Re: smbfs writepage & struct file

From: Linus Torvalds (torvalds@transmeta.com)
Date: Tue Dec 05 2000 - 18:57:34 EST


On Wed, 6 Dec 2000, Urban Widmark wrote:
>
> Hardlinks are not supported by smbfs, but they may be supported on the
> server side (ntfs). Haven't looked if smb has anything on this. Not sure
> if there are any implications on caching and such for smbfs. (If hardlinks
> need to be handled, smbfs is probably broken anyway wrt those).

Without hardlinks there will be a 1:1 relation between inodes and
dentries, which means that the dentry could be used as a mapping host.
Then you could just do

        struct dentry *dentry = (struct dentry *)mapping->host;

and get the inode from "dentry->d_inode". The problem with going the other
ways is that you can have an inode where the dentry has been reaped by
shrink_dcache() due to memory pressure, so the inode->i_dentry list could
in theory be empty. The reverse can never be true (if the dentry exists,
the inode will exist too).

HOWEVER, the problem with just making the dentry be the mapping host is
that I don't think it has ever been done before, so there is no good
source of examples on how to do this. You would just initialize it in
"smb_iget()", but then you'd have to pass the dentry down to that routine
in order to know what to initialize the mapping host to, of course.
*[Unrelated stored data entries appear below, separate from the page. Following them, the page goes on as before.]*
Lemma card_hadj_syndrome u (Q : pred 'rV[F]_k) :
  #|[set v | hadj u v & Q (syndrome v)]| = (d * #|[set z | (z != syndrome u) && Q z]|)%N.
Proof.
pose S j := [set a : F | (a != 0) && Q (syndrome u + a *: cols j)].
rewrite card_hadj (eq_bigr (fun j => #|S j|)) => [|j _]; last first.
  rewrite -(card_coord_shift (u j) (fun a => Q (syndrome u + a *: cols j))).
  by apply: eq_card => y; rewrite !inE syndrome_hupd.
rewrite -(card_pair (fun j (a : F) => (a != 0) && Q (syndrome u + a *: cols j))) -sum1_card.
rewrite (partition_big (fun p => p.2 *: cols p.1) (fun w => (w != 0) && Q (syndrome u + w)))
  => [|[j a]]; last first.
  rewrite inE /= => /andP [a_neq0 ->]; rewrite andbT scaler_eq0 negb_or a_neq0.
  exact: cols_neq0.
rewrite -card_translate (eq_bigr (fun _ => d)) => [|w /andP [w_neq0 Qw]].
  by rewrite sum_nat_const mulnC; congr (_ * _)%N; apply: eq_card => w; rewrite !inE.
rewrite -(cols_multiples w_neq0) -sum1_card; apply: eq_bigl => -[j a]; rewrite !inE /=.
by apply/andP/andP => [[/andP [a0 _] /eqP <-] | [a0 /eqP E]]; rewrite ?eqxx ?a0 ?E ?Qw.
Qed.

Lemma syndrome_coloring (T : {set 'rV[F]_k}) :
  (0 < #|T| < #|{: 'rV[F]_k}|)%N -> (0 < d)%N ->
  has_bc_coloring n q (d * #|~: T|) (d * #|T|).
Proof.
move=> /andP [T_gt0 T_lt] d_gt0.
have TC_gt0 : (0 < #|~: T|)%N by move: T_lt; rewrite -(cardsC T) -{1}[#|T|]addn0 ltn_add2l.
have out_T u : syndrome u \in T ->
    #|[set v | hadj u v & syndrome v \notin T]| = (d * #|~: T|)%N.
  move=> uT; rewrite (card_hadj_syndrome u (fun z => z \notin T)); congr (_ * _)%N.
  by apply: eq_card => z; rewrite !inE; case: eqVneq => // ->; rewrite uT.
have in_T u : syndrome u \notin T ->
    #|[set v | hadj u v & syndrome v \in T]| = (d * #|T|)%N.
  move=> uT; rewrite (card_hadj_syndrome u (mem T)); congr (_ * _)%N.
  by apply: eq_card => z; rewrite !inE; case: eqVneq => // ->; rewrite (negbTE uT).
have nbr_exists (P : pred (hvert n q)) u :
    (0 < #|[set v | hadj u v & P v]|)%N -> exists v, P v.
  by rewrite card_gt0 => /set0Pn [v]; rewrite inE => /andP [_ Pv]; exists v.
pose u0 : hvert n q := [ffun => psi 0].
exists (fun u => syndrome u \in T); split; [| | exact: out_T | exact: in_T].
- case: (boolP (syndrome u0 \in T)) => u0T; first by exists u0.
  by apply: (nbr_exists _ u0); rewrite in_T // muln_gt0 d_gt0.
- case: (boolP (syndrome u0 \in T)) => u0T; last by exists u0.
  by apply: (nbr_exists _ u0); rewrite out_T // muln_gt0 d_gt0.
Qed.

End SyndromeColoring.

Section ProjectiveCode.
Variables (F : finFieldType) (k d : nat).
Local Open Scope ring_scope.

(* Column indices of a parity-check matrix of the [d]-fold repeated projective
   (Hamming) code: [d] copies of a normalised representative of each point. *)
Definition pcode_index := [pred x : 'I_d * 'rV[F]_k | x.2 \in proj_points F k].
Definition pcode_col (j : 'I_#|pcode_index|) := (enum_val j).2.

Lemma sum_pcode_index (G : 'rV[F]_k -> nat) :
  (\sum_(x in pcode_index) G x.2 = d * \sum_(v in proj_points F k) G v)%N.
Proof.
rewrite (eq_bigl (fun x => predT x.1 && (x.2 \in proj_points F k))) //.
rewrite -(pair_big_dep predT (fun _ v => v \in proj_points F k) (fun _ v => G v)) /=.
by rewrite sum_nat_const card_ord.
Qed.

Lemma card_pcode_index : #|pcode_index| = (d * #|proj_points F k|)%N.
Proof. by rewrite -!sum1_card (sum_pcode_index (fun=> 1%N)). Qed.

Lemma pcode_col_neq0 j : pcode_col j != 0.
Proof. by have := enum_valP j; rewrite /pcode_col unfold_in /= inE => /andP []. Qed.

Lemma pcode_col_multiples w : w != 0 ->
  #|[set p : 'I_#|pcode_index| * F | (p.2 != 0) && (p.2 *: pcode_col p.1 == w)]| = d.
Proof.
move=> w_neq0; pose G (v : 'rV[F]_k) := #|[set a : F | (a != 0) && (a *: v == w)]|.
rewrite (card_pair (fun j (a : F) => (a != 0) && (a *: pcode_col j == w))).
rewrite -(big_enum_val (fun x : 'I_d * 'rV[F]_k => G x.2)) sum_pcode_index.
rewrite -[RHS]muln1 -[X in _ = _ * X](card_proj_decomp w_neq0).
rewrite (card_pair (fun v (a : F) => [&& v \in proj_points F k, a != 0 & a *: v == w])).
congr (_ * _)%N; rewrite big_mkcond /=; apply: eq_bigr => v _.
case: (v \in proj_points F k) => /=; first by apply: eq_card => a; rewrite !inE.
by apply/esym/eqP; rewrite cards_eq0; apply/eqP/setP => a; rewrite !inE.
Qed.

End ProjectiveCode.

Lemma projective_code_coloring (F : finFieldType) k d c' :
  0 < d -> 0 < c' < #|F| ^ k ->
  exists n, n * #|F|.-1 = d * (#|F| ^ k).-1 /\
            has_bc_coloring n #|F| (d * (#|F| ^ k - c')) (d * c').
Proof.
move=> d_gt0 /andP [c'_gt0 c'_lt].
have cardV : #|{: 'rV[F]_k}| = #|F| ^ k by rewrite card_mx mul1n.
pose T := [set v : 'rV[F]_k | v \in take c' (enum 'rV[F]_k)].
have T_card : #|T| = c'.
  transitivity (size (take c' (enum 'rV[F]_k))); last by rewrite size_takel // -cardT cardV ltnW.
  by rewrite -(card_uniqP (take_uniq _ (enum_uniq _))); apply: eq_card => v; rewrite inE.
have TC_card : #|~: T| = #|F| ^ k - c' by rewrite -T_card -cardV -(cardsC T) addKn.
exists #|pcode_index F k d|; split.
  by rewrite card_pcode_index -mulnA card_proj_points cardV.
rewrite -TC_card -T_card.
apply: (syndrome_coloring enum_valK enum_rankK (@pcode_col_neq0 F k d)
  (@pcode_col_multiples F k d)) => //.
by rewrite T_card cardV c'_gt0.
Qed.

Lemma coprime_div_gcdn b c : 0 < gcdn b c -> coprime (b %/ gcdn b c) (c %/ gcdn b c).
Proof.
move=> d_gt0; rewrite /coprime -(eqn_pmul2l d_gt0) muln_gcdr muln1.
by rewrite !muln_divA ?dvdn_gcdl ?dvdn_gcdr // !mulKn.
Qed.

Section ReducedParameters.
Variables q b c k : nat.
Hypotheses (b_gt0 : 0 < b) (c_gt0 : 0 < c).
Let d := gcdn b c.
Hypothesis reduced_sum : b %/ d + c %/ d = q ^ k.

Let d_gt0 : 0 < d. Proof. by rewrite gcdn_gt0 b_gt0. Qed.

Lemma reduced_decomp :
  [/\ b = d * (b %/ d), c = d * (c %/ d), 0 < b %/ d, 0 < c %/ d & coprime (q ^ k) (c %/ d)].
Proof.
have Eb : b = d * (b %/ d) by rewrite mulnC divnK ?dvdn_gcdl.
have Ec : c = d * (c %/ d) by rewrite mulnC divnK ?dvdn_gcdr.
split=> //; first by move: b_gt0; rewrite {1}Eb muln_gt0 => /andP [].
  by move: c_gt0; rewrite {1}Ec muln_gt0 => /andP [].
rewrite -reduced_sum coprime_sym /coprime gcdnDr -/(coprime (c %/ d) (b %/ d)).
by rewrite coprime_sym coprime_div_gcdn.
Qed.

Lemma reduced_coloring p s : prime p -> 0 < s -> q = p ^ s ->
  exists n, n * (q - 1) = b + c - d /\ has_bc_coloring n q b c.
Proof.
move=> p_pr s_gt0 Eq; have [Eb Ec b'_gt0 c'_gt0 _] := reduced_decomp.
have [F _ cardF] := pPrimePowerField p_pr s_gt0; rewrite -Eq in cardF.
have c'_bounds : 0 < c %/ d < #|F| ^ k.
  by rewrite c'_gt0 cardF -reduced_sum -{1}(add0n (c %/ d)) ltn_add2r.
have [n [En col_n]] := projective_code_coloring d_gt0 c'_bounds.
rewrite cardF -reduced_sum addnK -Eb -Ec in En col_n.
by exists n; rewrite subn1 En -subn1 mulnBr muln1 mulnDr -Eb -Ec.
Qed.

Lemma reduced_lower_bound n (col : hvert n q -> bool) : 1 < q -> 0 < k ->
  @is_bc_coloring n q b c col -> (b + c).-1 %/ q + k <= n.
Proof.
move=> q_gt1 k_gt0 col_bc; have [Eb Ec _ _ cop] := reduced_decomp.
apply: (bc_coloring_lower_bound col_bc q_gt1 c_gt0 k_gt0 _ Ec).
  by rewrite {1}Eb {1}Ec -mulnDr reduced_sum.
by rewrite -(coprime_pexpl _ _ k_gt0).
Qed.

End ReducedParameters.

Lemma ler_nat_divr (R : realFieldType) a m n : (0 < m)%N -> (a <= n * m)%N ->
  (a%:R / m%:R <= n%:R :> R)%R.
Proof. by move=> m_gt0 le_a; rewrite ler_pdivrMr ?ltr0n // -natrM ler_nat. Qed.

Lemma ler_nat_divl (R : realFieldType) a m n : (0 < m)%N -> (n * m <= a)%N ->
  (n%:R <= a%:R / m%:R :> R)%R.
Proof. by move=> m_gt0 le_a; rewrite ler_pdivlMr ?ltr0n // -natrM ler_nat. Qed.

Lemma ler_nat_ceil_div (R : realFieldType) a m k n : (0 < m)%N -> (0 < a)%N ->
  (a.-1 %/ m + k <= n)%N -> (a%:R / m%:R + k%:R - 1 <= n%:R :> R)%R.
Proof.
move=> m_gt0 a_gt0 le_n; have := ltn_ceil a.-1 m_gt0; rewrite prednK // => ceil_a.
have := ler_nat_divr R m_gt0 ceil_a; rewrite -(ler_nat R) in le_n.
rewrite -addn1 !natrD in le_n *; lra.
Qed.

Theorem theorem9 (p s q b c k : nat) :
  prime p -> 0 < s -> q = p ^ s ->
  0 < b -> 0 < c -> 0 < k ->
  b %/ gcdn b c + c %/ gcdn b c = q ^ k ->
  admissible b c q /\
  exists n0 : nat, is_threshold b c q n0 /\
    (((b%:R / (q - 1)%:R : rat) <= n0%:R)%R /\
     ((b + c)%:R / q%:R + k%:R - 1 <= (n0%:R : rat))%R) /\
    ((n0%:R : rat) <= (b + c - gcdn b c)%:R / (q - 1)%:R)%R.
Proof.
move=> p_pr s_gt0 Eq b_gt0 c_gt0 k_gt0 Ebc.
have q_gt1 : 1 < q by rewrite Eq (ltn_exp2l 0) ?prime_gt1.
have q1_gt0 : 0 < q - 1 by rewrite subn_gt0.
have [n [En col_n]] := reduced_coloring b_gt0 c_gt0 Ebc p_pr s_gt0 Eq.
have [n0 thr] := bc_threshold_exists (ltnW q_gt1) col_n.
split; [by exists n | exists n0; split => //].
have [col col_bc] := (thr n0).2 (leqnn n0).
split; [split|].
- by apply: ler_nat_divr _ q1_gt0 _; rewrite subn1; exact: bc_coloring_degree col_bc.
- apply: ler_nat_ceil_div _ (ltnW q_gt1) (ltn_addl b c_gt0) _.
  exact: (reduced_lower_bound b_gt0 c_gt0 Ebc q_gt1 k_gt0 col_bc).
- by apply: ler_nat_divl _ q1_gt0 _; rewrite -En leq_mul2r (thr n).1 ?orbT.
Qed.
(* Let $n\ge 2$, let $\sigma=(1,2,\dots,n-1)\in S_n$, and let $\rho\in S_n$ be defined by $\rho(n-1)=n$, $\rho(n)=n-1$, $\rho(k)=n-1-k$ for $1\le k\le n-2$. Let $\tau\in S_n$ be a permutation of order $2$ with $\tau(n)=n-1$ and $\tau\sigma^k\tau=\sigma^{\tau(k)}\tau\sigma^{\tau\rho\tau(k)}$ for all $k\in\{1,\dots,n-2\}$ (such a $\tau$ exists exactly when $IK_n$ is a $G$-graph, and then $IK_n\cong\Phi(\langle\sigma,\tau\rangle,\{\sigma,\tau\})$). Then all the orbits of the action of the group $\langle\rho,\tau\rangle$ on $\{1,\dots,n\}$ have six elements, except for either one or two orbits with two elements and, if $n$ is odd, one orbit with either one or three elements.
   Context: $S_n$ is the symmetric group on $\{1,\dots,n\}$ with product given by composition of functions (rightmost applied first). $K_n$ is the complete simple graph on $n$ vertices and $IK_n$ its incidence graph. For a group $G$ and a multiset $S$ of elements of $G$, $\Phi(G,S)$ is the multigraph whose vertex set is the union over the members $s$ of $S$ of the right cosets $\langle s\rangle x$, $x\in G$, with one edge labeled $g$ between $\langle s\rangle x$ and $\langle t\rangle y$ ($s,t$ distinct members of $S$) for each $g\in\langle s\rangle x\cap\langle t\rangle y$; a $G$-graph is a multigraph isomorphic to some $\Phi(G,S)$. *)

(* Points 1..n of the paper are encoded as 'I_n,
   the paper's point k (1 <= k <= n) being the ordinal of value k-1. *)
From HB Require Import structures.
From mathcomp Require Import all_boot all_order all_fingroup.
From mathcomp Require Import zify.
Set Implicit Arguments.
Unset Strict Implicit.
Unset Printing Implicit Defensive.

Definition sigma0 (n i : nat) : nat :=
  if i.+2 < n then i.+1 else if i.+2 == n then 0 else i.
Definition rho0 (n i : nat) : nat :=
  if i.+2 == n then n.-1 else if i.+1 == n then n - 2 else n - 3 - i.

Lemma sigma0_lt n (i : 'I_n) : sigma0 n i < n.
Proof. case: i => i Hi /=; rewrite /sigma0; repeat case: ifP => /eqP ?; lia. Qed.
Lemma rho0_lt n (i : 'I_n) : rho0 n i < n.
Proof. case: i => i Hi /=; rewrite /rho0; repeat case: ifP => /eqP ?; lia. Qed.

Definition sigma_fun n (i : 'I_n) : 'I_n := Ordinal (sigma0_lt i).
Definition rho_fun n (i : 'I_n) : 'I_n := Ordinal (rho0_lt i).

Lemma sigma_inj n : injective (@sigma_fun n).
Proof.
move=> [i Hi] [j Hj] /(congr1 val) /=; rewrite /sigma0 => H; apply/val_inj => /=.
move: H; repeat case: ifP => /eqP ?; lia.
Qed.
Lemma rho_inj n : injective (@rho_fun n).
Proof.
move=> [i Hi] [j Hj] /(congr1 val) /=; rewrite /rho0 => H; apply/val_inj => /=.
move: H; repeat case: ifP => /eqP ?; lia.
Qed.

Definition sigma n : {perm 'I_n} := perm (@sigma_inj n).
Definition rho n : {perm 'I_n} := perm (@rho_inj n).

Definition orbits_of n (G : {set {perm 'I_n}}) : {set {set 'I_n}} :=
  [set orbit 'P G x | x : 'I_n].
(* For every $\Delta\ge 2$, $\mathrm{LP}[\mathsf{GRAPH}_\Delta]\subsetneq\mathrm{NLP}[\mathsf{GRAPH}_\Delta]$; in particular $\mathrm{LP}\subsetneq\mathrm{NLP}$.
   Context: Graphs. All graphs are finite, nonempty, simple, undirected and connected, and labeled: a graph is a triple $G=(V(G),E(G),\lambda_G)$ with labeling $\lambda_G:V(G)\to\{0,1\}^*$. $\mathsf{GRAPH}$ is the set of all graphs. A graph property is a subset of $\mathsf{GRAPH}$ closed under label-preserving isomorphism. For a class $\mathcal C$ of properties and a set $B$ of graphs, $\mathcal C[B]=\{P\cap B : P\in\mathcal C\}$. $N^G_r(u)$ denotes the subgraph of $G$ induced by the nodes at distance at most $r$ from $u$ (with inherited labels). The structural degree of a node $u$ is $\deg(u)+|\lambda_G(u)|$; $\mathsf{GRAPH}_\Delta$ is the set of graphs all of whose nodes have structural degree at most $\Delta$. Identifiers and certificates. An identifier assignment of $G$ is a map $\mathrm{id}:V(G)\to\{0,1\}^*$; it is $r$-locally unique if $\mathrm{id}(u)\neq\mathrm{id}(v)$ for all distinct nodes $u,v$ at distance at most $2r$. Identifiers are ordered lexicographically (a proper prefix is smaller). A certificate assignment is a map $\kappa:V(G)\to\{0,1\}^*$; for $r\in\mathbb N$ and $p:\mathbb N\to\mathbb N$ it is $(r,p)$-bounded (w.r.t. $(G,\mathrm{id})$) if $|\kappa(u)|\le p\big(\sum_{v\in N^G_r(u)}(1+|\lambda_G(v)|+|\mathrm{id}(v)|)\big)$ for every node $u$. Distributed Turing machines. Such a machine $M$ is a Turing machine with three one-way-infinite tapes (receiving, internal, sending) over the alphabet $\{\vdash,\square,\#,0,1\}$ (left-end marker, blank, separator, bits), with designated states start, pause, stop. It is executed on a graph $G$ under an (at least $1$-locally unique) identifier assignment $\mathrm{id}$ and a certificate assignment $\kappa$: every node runs its own copy of $M$ in synchronous rounds. In each round, a node $u$ whose neighbors are $v_1,\dots,v_d$ in increasing identifier order (i) gets $m_1\#\cdots\#m_d\#$ on its receiving tape, where $m_i$ is the message sent to it by $v_i$ in the previous round (empty in the first round); (ii) its sending tape is emptied, its internal tape is initialized to $\lambda_G(u)\#\mathrm{id}(u)\#\kappa(u)$ in the first round and otherwise keeps its content, and, unless $u$ reached stop in an earlier round, $M$ runs from state start with all heads leftmost until it enters pause or stop; (iii) $u$ sends to $v_i$ the $i$-th $\#$-separated bit string on its sending tape (the empty string if there is none). The execution terminates once all nodes are in stop. The result $M(G,\mathrm{id},\kappa)$ is $G$ relabeled so that each node gets the bit string on its internal tape (other symbols ignored); $G$ is accepted, written $M(G,\mathrm{id},\kappa)\equiv\mathrm{accept}$, if every node's resulting label is the string $1$. A local-polynomial machine is a distributed Turing machine for which there are a constant $c$ and a polynomial $q$ such that, on every graph and under all identifier and certificate assignments, all nodes reach stop within $c$ rounds, and in every round every node makes at most $q(n)$ computation steps, $n$ being the total length of its receiving- and internal-tape contents at the beginning of the round. Classes. $\mathrm{LP}$ is the class of graph properties $P$ for which there are a local-polynomial machine $M$ and a constant $r_{\mathrm{id}}\ge1$ such that for every graph $G$ and every $r_{\mathrm{id}}$-locally unique identifier assignment $\mathrm{id}$, $M$ accepts $G$ under $\mathrm{id}$ (with empty certificates) iff $G\in P$. $\mathrm{NLP}$ is the class of graph properties $P$ for which there exist a local-polynomial machine $M$, constants $r_{\mathrm{id}},r\ge 1$ and a polynomial $p$ such that for every graph $G$ and every $r_{\mathrm{id}}$-locally unique identifier assignment $\mathrm{id}$ of $G$: $G\in P\iff\exists\kappa\,:\,M(G,\mathrm{id},\kappa)\equiv\mathrm{accept}$, $\kappa$ ranging over $(r,p)$-bounded certificate assignments of $(G,\mathrm{id})$. *)

From HB Require Import structures.
From mathcomp Require Import all_boot.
Even after you'd do that, there are other problems: the inode shrinking
code knows about having pages attached to the inode. The same is not true
of the dentry shrinking code - so we could shrink a dentry that is still
busy in that it has pages in its mapping.

In comparison to these dentry host problems, your patch looks fine. But I
suspect that you _can_ trigger the BUG() with an empty dentry list due to
dentry shrinking. So what I did is basically to (a) apply your patch and
(b) set writepage to NULL in the address space operations, so that shared
mappings will be disabled for the time being.

I also cc'd Al, because he's likely to just come up with a clever scheme
that solves this, and call me an idiot.

Hmm.. The smb filesystem code in general seems to assume that if we have
an inode, we'd always have a dentry and vice versa. Because otherwise we'd
have potentially multiple inodes for the same dentry. Every time we do a
successful dentry lookup(), we do a "new_inode()", so if we drop the
dentry and re-lookup, we'd have aliased inodes (and thus various page
cache aliases too, etc).

Having aliased inodes is not wrong per se: it's just that it doesn't mix
well with having the page cache associated with the inode. So it probably
works fine as-is, it just has the potential to not cache things as well as
it could (because dropping the dentry will basically mean dropping the
full page cache).

Al? Any ideas?

> I was "borrowing" stuff from the nfs code and this looked strange:
>
> nfs_writepage_sync:
> struct dentry *dentry = file->f_dentry;
> struct rpc_cred *cred = nfs_file_cred(file);
>
> yet it is called like this from nfs_writepage:
> err = nfs_writepage_sync(NULL, inode, page, 0, offset);
>
> where file is the 1st argument. Oh, it calls nfs_writepage_async most of
> the time. All of the time?

That's bogus. But Trond probably overlooked it in testing, because yes, it
always calls the async version unless there has been errors doing async
writes (which should be rather uncommon).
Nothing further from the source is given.